I didn’t really like Sukkah City

As far as I can tell, the only relatively negative coverage so far of Sukkah City has been at New Voices. Our slideshow, embedded below, has a few comments from me thrown in. Overall, I disliked Sukkah City because it made Judaism a conceptual abstraction. No one can enter or try to use the sukkot on display, which shows a basic failure to grasp the concept of the sukkah on the part of the exhibition itself.


7 responses to “I didn’t really like Sukkah City

  1. I think Jenny captures the spirit of the display fairly well. One of the things Reform does, and sometimes well, is repurposing old rituals to fit new needs. If you’ve seen the Sukkot posts on the RJ blog, you’ll see a not-so-hidden agenda to establish the kind of sentimental attachment to decorating a home sukkah that used to be attached, even in many Jewish households, to trimming a tree.
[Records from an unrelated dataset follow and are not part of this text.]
(* Each of the sets $\{1,2,3\}$, $\{1,2,3,4\}$, $\{1,2,3,4,5\}$, $\{1,2,3,4,6\}$, $\{1,2,3,4,5,6\}$ belongs to $\mathcal{I}_1$.
   Context: For a summable sequence $\mathbf{x}=(x_n)$ of positive reals, $\mathcal{A}(\mathbf{x})=\{\sum_{n\in A}x_n: A\subseteq\mathbb{N}\}$ is its achievement set and its cardinal function $f$ assigns to $x\in\mathcal{A}(\mathbf{x})$ the cardinality (a positive integer, $\omega$, or $\mathfrak{c}$) of $\{(\varepsilon_n)\in\{0,1\}^{\mathbb{N}}:\sum\varepsilon_nx_n=x\}$. $\mathcal{I}_1$ is the family of ranges of cardinal functions of such sequences whose achievement set is a single closed interval. *)

From Stdlib Require Import Reals List.
From Coquelicot Require Import Coquelicot.
Open Scope R_scope.

Inductive cardinal := Fin (n : nat) | Omega | Continuum.

Definition subsum (x : nat -> R) (e : nat -> bool) : R :=
  Series (fun n => if e n then x n else 0).

Definition achievement (x : nat -> R) (t : R) : Prop :=
  exists e : nat -> bool, subsum x e = t.

Definition fiber (x : nat -> R) (t : R) (e : nat -> bool) : Prop :=
  subsum x e = t.

Definition card_is (F : (nat -> bool) -> Prop) (k : cardinal) : Prop :=
  match k with
  | Fin n => exists l : list (nat -> bool),
      length l = n /\ NoDup l /\ forall e, F e <-> In e l
  | Omega => exists f : nat -> (nat -> bool),
      (forall m n, f m = f n -> m = n) /\ forall e, F e <-> exists n, f n = e
  | Continuum => exists g : (nat -> bool) -> (nat -> bool),
      (forall s s', g s = g s' -> s = s') /\ forall e, F e <-> exists s, g s = e
  end.

Definition in_cardinal_range (x : nat -> R) (k : cardinal) : Prop :=
  exists t, achievement x t /\ card_is (fiber x t) k.

Definition in_I1 (S : cardinal -> Prop) : Prop :=
  exists x : nat -> R,
    (forall n, 0 < x n) /\ ex_series x /\
    (exists a b, a <= b /\ forall t, achievement x t <-> a <= t <= b) /\
    (forall k, in_cardinal_range x k <-> S k).

(* Each set is realised by a finite prefix followed by the binary tail 1/2, 1/4, 1/8, ...
   The tail alone achieves exactly [0,1], each point once, except the dyadic points of (0,1),
   which have exactly two expansions (one ending in zeros, one in ones).  Hence t is achieved
   by the whole sequence in exactly sum_{A ⊆ prefix} c(t - sum A) ways, where c(u) ∈ {0,1,2}
   is the tail count of u; in particular every cardinality is finite.  For the prefixes (1/3),
   (1/2), (1/2,2/3), (1/2,1/2) and (1/2,1/3) a finite case analysis on the positions of the
   points t - sum A, and on which of them are dyadic, gives an interval as achievement set and
   exactly the five required ranges. *)

From Stdlib Require Import Reals List Lra Lia ZArith Znumtheory Zpow_facts.
From Stdlib Require Import Classical ClassicalEpsilon FunctionalExtensionality.
From Coquelicot Require Import Coquelicot.
Open Scope R_scope.
Set Bullet Behavior "Strict Subproofs".

Definition half_pow (n : nat) : R := (/2) ^ S n.

Lemma half_pow_pos n : 0 < half_pow n.
Proof. apply pow_lt; lra. Qed.

Lemma is_series_half_pow : is_series half_pow 1.
Proof.
  pose proof (is_series_geom (/2) ltac:(rewrite Rabs_pos_eq; lra)) as Hgeom.
  apply (is_series_scal_l (/2)) in Hgeom.
  replace 1 with (scal (/2) (/ (1 - /2))) by (unfold scal; simpl; unfold mult; simpl; field).
  exact Hgeom.
Qed.

Lemma ex_series_half_pow : ex_series half_pow.
Proof. exists 1; exact is_series_half_pow. Qed.

Lemma ex_series_select (x : nat -> R) (e : nat -> bool) :
  (forall n, 0 <= x n) -> ex_series x -> ex_series (fun n => if e n then x n else 0).
Proof.
  intros Hx_nonneg Hx.
  apply (@ex_series_le R_AbsRing R_CompleteNormedModule _ x); [|exact Hx].
  intro n; change (norm ?a) with (Rabs a).
  destruct (e n); [rewrite Rabs_pos_eq|rewrite Rabs_R0]; auto; lra.
Qed.

Definition binval (e : nat -> bool) : R := subsum half_pow e.

Definition shift (e : nat -> bool) : nat -> bool := fun n => e (S n).

Definition bcons (b : bool) (e : nat -> bool) : nat -> bool :=
  fun n => match n with O => b | S m => e m end.

Lemma bcons_inj (b : bool) (e e' : nat -> bool) : bcons b e = bcons b e' -> e = e'.
Proof. intro H; extensionality n; exact (f_equal (fun f => f (S n)) H). Qed.

Lemma ex_series_binval_terms (e : nat -> bool) :
  ex_series (fun n => if e n then half_pow n else 0).
Proof.
  apply ex_series_select; [intro n; left; apply half_pow_pos | exact ex_series_half_pow].
Qed.

Lemma binval_bounds (e : nat -> bool) : 0 <= binval e <= 1.
Proof.
  split.
  - rewrite <- (Rmult_0_l (Series half_pow)), <- Series_scal_l.
    apply Series_le; [|exact (ex_series_binval_terms e)].
    intro n; pose proof (half_pow_pos n); destruct (e n); lra.
  - rewrite <- (is_series_unique _ _ is_series_half_pow).
    apply Series_le; [|exact ex_series_half_pow].
    intro n; pose proof (half_pow_pos n); destruct (e n); lra.
Qed.

Lemma binval_cons (e : nat -> bool) :
  binval e = (if e O then /2 else 0) + /2 * binval (shift e).
Proof.
  unfold binval, subsum; rewrite Series_incr_1 by exact (ex_series_binval_terms e).
  f_equal; [destruct (e O); unfold half_pow; simpl; ring|].
  rewrite <- Series_scal_l; apply Series_ext; intro n.
  unfold shift, half_pow; destruct (e (S n)); simpl; ring.
Qed.

Lemma binval_bcons (b : bool) (e : nat -> bool) :
  binval (bcons b e) = (if b then /2 else 0) + /2 * binval e.
Proof. exact (binval_cons (bcons b e)). Qed.

Lemma binval_const (b : bool) : binval (fun _ => b) = if b then 1 else 0.
Proof.
  unfold binval, subsum; destruct b.
  - exact (is_series_unique _ _ is_series_half_pow).
  - rewrite (Series_ext _ (fun n => 0 * half_pow n)) by (intro; ring).
    rewrite Series_scal_l; ring.
Qed.

Lemma binval_extreme (b : bool) (e : nat -> bool) (k : nat) :
  binval e = (if b then 1 else 0) -> e k = b.
Proof.
  revert e; induction k as [|k IH]; intros e He;
    rewrite binval_cons in He; pose proof (binval_bounds (shift e)).
  - destruct b, (e O); auto; lra.
  - apply (IH (shift e)); destruct b, (e O); lra.
Qed.

Fixpoint greedy_rem (u : R) (n : nat) : R :=
  match n with
  | O => u
  | S m => if Rle_dec 1 (2 * greedy_rem u m) then 2 * greedy_rem u m - 1
           else 2 * greedy_rem u m
  end.

Definition greedy_digit (u : R) (n : nat) : bool :=
  if Rle_dec 1 (2 * greedy_rem u n) then true else false.

Lemma greedy_rem_bounds u n : 0 <= u <= 1 -> 0 <= greedy_rem u n <= 1.
Proof. intro Hu; induction n; simpl; [exact Hu | destruct Rle_dec; lra]. Qed.

Lemma sum_greedy_digits u n :
  sum_n (fun i => if greedy_digit u i then half_pow i else 0) n
  = u - greedy_rem u (S n) * (/2) ^ S n.
Proof.
  induction n as [|n IH].
  - rewrite sum_O; unfold greedy_digit, half_pow; simpl; destruct Rle_dec; field.
  - rewrite sum_Sn, IH; unfold plus, greedy_digit, half_pow; simpl.
    repeat destruct Rle_dec; field.
Qed.

Lemma binval_surj u : 0 <= u <= 1 -> exists e, binval e = u.
Proof.
  intro Hu; exists (greedy_digit u); unfold binval, subsum; apply is_series_unique.
  change (is_lim_seq (sum_n (fun i => if greedy_digit u i then half_pow i else 0)) u).
  apply (is_lim_seq_le_le (fun n => u - (/2) ^ n) _ (fun _ => u)).
  - intro n; rewrite sum_greedy_digits.
    pose proof (greedy_rem_bounds u (S n) Hu).
    pose proof (pow_lt (/2) n ltac:(lra)).
    set (r := greedy_rem u (S n)) in *; simpl; split; nra.
  - replace (Finite u) with (Finite (u - 0)) by (f_equal; ring).
    apply is_lim_seq_minus'; [apply is_lim_seq_const|].
    apply is_lim_seq_geom; rewrite Rabs_pos_eq; lra.
  - apply is_lim_seq_const.
Qed.

Definition dyadic (u : R) : Prop := exists (k : Z) (n : nat), u * 2 ^ n = IZR k.

Lemma dyadic_sub u v : dyadic u -> dyadic v -> dyadic (u - v).
Proof.
  intros [k1 [n1 H1]] [k2 [n2 H2]].
  exists (k1 * 2 ^ Z.of_nat n2 - k2 * 2 ^ Z.of_nat n1)%Z, (n1 + n2)%nat.
  rewrite minus_IZR, !mult_IZR, <- !pow_IZR, pow_add, <- H1, <- H2; ring.
Qed.

Lemma not_dyadic_sub u v : dyadic u -> ~ dyadic v -> ~ dyadic (u - v).
Proof.
  intros Hu Hv Huv; apply Hv; replace v with (u - (u - v)) by ring.
  exact (dyadic_sub _ _ Hu Huv).
Qed.

Lemma dyadic_bcons_value (b : bool) v :
  dyadic v -> dyadic ((if b then /2 else 0) + /2 * v).
Proof.
  intros [k [n Hk]].
  exists ((if b then 2 ^ Z.of_nat n else 0) + k)%Z, (S n).
  rewrite plus_IZR, <- Hk; destruct b; [rewrite <- pow_IZR|]; simpl; field.
Qed.

(* Every value met in the case analyses below is of the form [a/24]. *)
Lemma dyadic_24th_iff (a : Z) : dyadic (IZR a / 24) <-> (a mod 3 = 0)%Z.
Proof.
  split.
  - intros [k [n Hk]]; apply Zdivide_mod, (Gauss _ (2 ^ Z.of_nat n)).
    + exists (8 * k)%Z; apply eq_IZR.
      rewrite !mult_IZR, <- pow_IZR, <- Hk; field.
    + apply rel_prime_Zpower_r; [lia | apply Zgcd_1_rel_prime; reflexivity].
  - intro Ha; apply Zmod_divide in Ha as [j ->]; [|lia].
    exists j, 3%nat; rewrite mult_IZR; simpl; field.
Qed.

Lemma dyadic_two_expansions u :
  0 < u < 1 -> dyadic u -> exists e1 e2, e1 <> e2 /\ binval e1 = u /\ binval e2 = u.
Proof.
  intros Hu [k [n Hk]]; revert u k Hu Hk; induction n as [|n IH]; intros u k Hu Hk.
  - simpl in Hk; rewrite Rmult_1_r in Hk; subst u.
    destruct Hu as [H0 H1]; apply lt_IZR in H0, H1; lia.
  - assert (Hk2 : (2 * u) * 2 ^ n = IZR k) by (rewrite <- Hk; simpl; ring).
    destruct (Rtotal_order (2 * u) 1) as [Hlt | [Heq | Hgt]].
    + destruct (IH (2 * u) k ltac:(lra) Hk2) as [e1 [e2 [Hne [H1 H2]]]].
      exists (bcons false e1), (bcons false e2); split.
      * intro E; exact (Hne (bcons_inj _ _ _ E)).
      * rewrite !binval_bcons, H1, H2; split; field.
    + exists (bcons true (fun _ => false)), (bcons false (fun _ => true)); split.
      * intro E; discriminate (f_equal (fun f => f O) E).
      * rewrite !binval_bcons, !binval_const; split; lra.
    + assert (Hk3 : (2 * u - 1) * 2 ^ n = IZR (k - 2 ^ Z.of_nat n)).
      { rewrite minus_IZR, <- pow_IZR, <- Hk2; ring. }
      destruct (IH (2 * u - 1) _ ltac:(lra) Hk3) as [e1 [e2 [Hne [H1 H2]]]].
      exists (bcons true e1), (bcons true e2); split.
      * intro E; exact (Hne (bcons_inj _ _ _ E)).
      * rewrite !binval_bcons, H1, H2; split; field.
Qed.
Just as there are typically no gifts piled up under the municipal tree, so there are no meals in the municipal sukkah. Actually, I think Chabad builds a sukkah at City Hall in Chicago, and the Federation had one on the exterior of its building when it was free-standing — now that it is in an office tower, that may not be the case. But those downtown sukkot have always been available for entry.

    Even if the execution leaves something to be desired, giving the holiday a mainstream boost seems commendable. To quote what I often quote, keep your eye on the donut and not the hole.

  2. I think you may havae missed out on some of the sukkot… You could definitely go inside some of them and use them as intended…

    As well, the entire point of the project, as i understand it, was to take these “abstract” concepts (homelessness, for example) and turn them into tangible expressions of Judaism.

    I for one was very impressed and moved by the sukkah made from cardboard boxes, as if to suggest a shelter made by a homeless person. Doesn’t this “abstraction” perfectly grasp the meaning of sukkot? That we were once without a home and were wanderers and we have a duty to remember that as a people?

    • If you read the slides, I liked the homeless one.

      And something must have changed between the first day, when I was there, and when you went. All of them were roped off and there were just crowds buzzing around them, unable to enter them.

  3. Ploni א: Come eat by me on Shabbos.
    Ploni ב: I’d love to!
    Ploni א: Are you OK with cats?
    Ploni ב: No, they make me swell up and die.
    Ploni א: Well, OK then, maybe at Sukkos?
    Ploni ב: Sounds great!

    • Did this happen? It’s hilarious.

      • Actually we do have a friend who has declined dinner with us on account of the cats. It only occurred to me after the chag that Sukkot would be a good time to have her over, and she was the inspiration for the snippet above, though that dialogue remains hypothetical. Mostly, it’s my counter to Jenny’s comment on the irrationality of Sukkot on slide 9. A little hut where people who can’t come inside can be fed and entertained? Cool.